In the last session of the first day “Manipulation and ROS2”, Rune Søe-Knudsen (Universal Robots) and Felix Exner (FZI) presented the latest updates to the Universal Robots ROS2 robot diver. Liana Bertoni and Davide Torelli (IIT) explained the capabilities of the ROS2 End-effector framework that aims to facilitate integration, planning and control of heterogeneous robotic end-effectors. Ted Miller (Yaskawa Motoman) introduced MotoROS2 and ongoing driver development for ROS2. The interesting thing about the driver is that it runs directly on the robot controller using MicroROS. He announced that the driver will soon be published for public beta testing.
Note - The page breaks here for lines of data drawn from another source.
(* Let $\mathcal C$ be a class of groups with invariant $\Lambda$-valued pseudo-norms which is closed under taking subgroups (with the restricted pseudo-norm) and under isomorphism. Let $\mathsf n\in\mathbb N\cup\{\omega\}$ and let $\mathsf F_{\mathsf n}$ be the free group of rank $\mathsf n$. Let $(N,\ell)\in\mathcal{NM}(\mathsf F_{\mathsf n})$ be such that the pseudo-normed group $(\mathsf F_{\mathsf n}/N,\ell)$ is metrically LE$\mathcal C$. Then there is a net $\{(N_i,\ell_i):i\in I\}$ in $\mathcal{NM}(\mathsf F_{\mathsf n})$ converging to $(N,\ell)$ such that $(\mathsf F_{\mathsf n}/N_i,\ell_i)\in\mathcal C$ for every $i\in I$.
   Context: $\Lambda$ is a closed convex subset of $[0,\infty)$ containing $0$. A pseudo-norm on $G$ is $\ell:G\to\Lambda$ with $\ell(1)=0$, $\ell(g)=\ell(g^{-1})$, $\ell(gh)\le\ell(g)+\ell(h)$; invariant if $\ell(h^{-1}gh)=\ell(g)$; $\ker\ell=\{g:\ell(g)=0\}$. $\mathcal{NM}(G)$ is the set of pairs $(N,\ell)$ with $N\trianglelefteq G$ and $\ell$ an invariant $\Lambda$-valued pseudo-norm on $G$ with $N\le\ker\ell$; then $\ell(gN)=\ell(g)$ is an invariant pseudo-norm on $G/N$, and $(G/N,\ell)$ denotes this pseudo-normed group. A net $(N_i,\ell_i)$ converges to $(N,\ell)$ if for every finite $K\subseteq G$ and finite $Q\subseteq\Lambda\cap\mathbb Q$ there is $i_0$ such that for all $i\succeq i_0$: $N_i\cap K=N\cap K$ and $\ell_i(g)\,\square\,q\iff\ell(g)\,\square\,q$ for all $g\in K,q\in Q,\square\in\{<,=,>\}$. For pseudo-normed $(G_1,\ell_1),(G_2,\ell_2)$, finite $D\subseteq G_1$ and finite $Q\subseteq\Lambda\cap\mathbb Q$ with $0\in Q$, $\varphi:G_1\to G_2$ is a $D$-$Q$-almost-homomorphism if injective on $D$, $\varphi(hg)=\varphi(h)\varphi(g)$ whenever $h,g,hg\in D$, and $\ell_1(g)\,\square\,q\iff\ell_2(\varphi(g))\,\square\,q$ for all $g\in D,q\in Q,\square$. $(G,\ell)$ is metrically LE$\mathcal C$ if for all such $D,Q$ there are $(C,\ell_C)\in\mathcal C$ and a $D$-$Q$-almost-homomorphism $G\to C$. *)

From Stdlib Require Import Reals QArith Qreals List.
From Stdlib Require Import ClassicalEpsilon FunctionalExtensionality
  PropExtensionality ProofIrrelevance.

Set Implicit Arguments.
Unset Strict Implicit.
Local Open Scope R_scope.

Record Group := {
  gcar :> Type;
  gmul : gcar -> gcar -> gcar;
  ginv : gcar -> gcar;
  gone : gcar;
  gmulA : forall x y z, gmul x (gmul y z) = gmul (gmul x y) z;
  gmul1l : forall x, gmul gone x = x;
  gmul1r : forall x, gmul x gone = x;
  gmulVl : forall x, gmul (ginv x) x = gone;
  gmulVr : forall x, gmul x (ginv x) = gone }.

Arguments gmul {g} _ _.
Arguments ginv {g} _.
Arguments gone {g}.

Definition is_hom (G H : Group) (f : G -> H) : Prop :=
  forall x y, f (gmul x y) = gmul (f x) (f y).
Arguments is_hom {G H} f.

Definition bijective_map (A B : Type) (f : A -> B) : Prop :=
  (forall x y, f x = f y -> x = y) /\ (forall y, exists x, f x = y).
ROS2 fieldbus interfaces are becoming available

Day 2 of the conference started of with the session “ROS2 and Hardware Interfaces”. In the first talk of the session, Dr.-Ing. Denis Stogl (Stogl Robotics) explained the different features of ros2_control. For robot drivers and other hardware interfaces, ros2_control provides the tools to build hardware-agnostic interfaces as well as an infrastructure for controllers and a collection of ready-to-use controllers for different purposes. Maciej Bednarczyk from ICUBE at Université de Straßbourg presented their EtherCAT stack, which leverages ros2_control to enable simple integration into ROS2. The stack is available as v1.0.0 release. Christoph Hellmann Santos from Fraunhofer IPA presented ros2_canopen, a stack to integrate ROS2 with CANopen. The stack provides different interfaces to control CANopen Devices from ROS2, one of them being ros2_control.
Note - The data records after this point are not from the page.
(* Consider the problem $\min_{x\in\mathbb{R}^n} F(x):=f(x)+g(x)$ subject to $Ax=b$, under the setting described in the context, and let $\lambda^*$ be an optimal solution of $\max_{\lambda\in\mathbb{R}^m} d(\lambda)$. Let $\{\lambda^k\}$ be generated by the IAL framework described in the context, where the tolerance sequence $\{\eta_k\}$ is positive, nonincreasing, and satisfies $\sum_{k=1}^{+\infty}\eta_k<+\infty$. Let $\delta_k:=d(\lambda^* )-d(\lambda^k)$, $$B:=\sqrt{\|\lambda^1-\lambda^*\|^2+2\beta\sum_{k=1}^{+\infty}\eta_k},\qquad \theta:=\frac{\beta}{4B^2},$$ and let $k_0\ge 4$ be an integer such that $$\max_{k\ge k_0}\delta_k\le\frac{1}{2\theta}\quad\text{and}\quad\max_{k\ge k_0}\eta_k\le\frac{1}{24\theta}.$$ Suppose moreover that $$\sqrt{\frac{\eta_{k+1}}{\eta_k}}\ge\frac{k-2}{k},\qquad k=k_0,k_0+1,\dots.$$ Define $\tau_1:=\frac{k_0}{4\theta}$ and $\tau_2:=\frac{1}{4\theta\sqrt{\eta_{k_0}}}$. Then $$\delta_k\le\frac{\tau_1}{k}+\tau_2\sqrt{\eta_k},\qquad k=k_0,k_0+1,\dots.$$
   Context: Let $A\in\mathbb{R}^{m\times n}$ and $b\in\mathbb{R}^m$. Let $f:\mathbb{R}^n\to\mathbb{R}$ be convex and differentiable with Lipschitz continuous gradient. Let $g:\mathbb{R}^n\to\mathbb{R}\cup\{+\infty\}$ be a closed proper convex (possibly nonsmooth) function with bounded domain. Fix a penalty parameter $\beta>0$. For $\lambda\in\mathbb{R}^m$, define $$\hat f_\beta(x;\lambda):=f(x)+\langle\lambda,Ax-b\rangle+\tfrac{\beta}{2}\|Ax-b\|^2,\qquad \mathcal{L}_\beta(x;\lambda):=\hat f_\beta(x;\lambda)+g(x),$$ and $d(\lambda):=\min_{x\in\mathbb{R}^n}\mathcal{L}_\beta(x;\lambda)$. Here $\nabla\hat f_\beta(x;\lambda)$ denotes the gradient of $\hat f_\beta$ with respect to $x$. IAL framework: choose $x^1\in\operatorname{dom} g$, $\lambda^1\in\mathbb{R}^m$, and a nonnegative sequence $\{\eta_k\}$. For $k=1,2,\dots$: find a point $x^{k+1}$ such that $$\max_{x\in\mathbb{R}^n}\Big\{\langle\nabla\hat f_\beta(x^{k+1};\lambda^k),\,x^{k+1}-x\rangle+g(x^{k+1})-g(x)\Big\}\le\eta_k,$$ and then set $\lambda^{k+1}=\lambda^k+\beta(Ax^{k+1}-b)$. *)

From HB Require Import structures.
From mathcomp Require Import all_boot all_order all_algebra.
From mathcomp Require Import all_classical all_reals all_analysis.
Set Implicit Arguments. Unset Strict Implicit. Unset Printing Implicit Defensive.
Import Order.TTheory GRing.Theory Num.Theory.
Import numFieldNormedType.Exports.
Local Open Scope classical_set_scope.
Local Open Scope ring_scope.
ROS2 is starting to be embedded in to industrial devices such as PLCs

In the embedded platforms session, Andrei Kholodnyi from Wind River presented the integration of ROS2 with the Yocto framework. Yocto is a toolchain, which enables companies to create tailor-made Linux distributions for their high performance industrial computing products. The integration of ROS2 into the Yocto framework is achieved by the meta-layer “meta-ros”. The second talk of the session stressed the importance of Yocto for industrial equipment. Hermann Spies and Özkan Öztürk from Phoenix Contact presented work on integrating ROS2 with their PLCNext device series. The PLCNext devices use Yocto for their operating system. The ROS2 Bridge is integrated into the PLCNext devices using Docker containers that run alongside the IEC 61131 execution environment directly on the PLC hardware.

Intrinsic to strongly support the ROS community

On the first day of the conference, it became known that Intrinsic, a company that plans to democratize robotics by providing simpler and hardware-agnostic robot software with AI integration has bought parts of Open Robotics, the foundation that governs the ROS ecosystem. Interesting is, that Intrinsic is financed by Alphabet. In a short statement, Torsten Kröger, CTO at Intrinsic, and Brian Gerky, CEO of Open Robotics explained their plans and what the acquisition means for the ROS community. From their statement, it seems that the ROS ecosystem has gained a financially strong supporter in Intrinsic and will see a lot of work towards more industrial deployment in the next years.

The conference has shown that the ROS-Industrial Community has been quite active during the pandemic years and we are a looking into a bright future for open source robotics.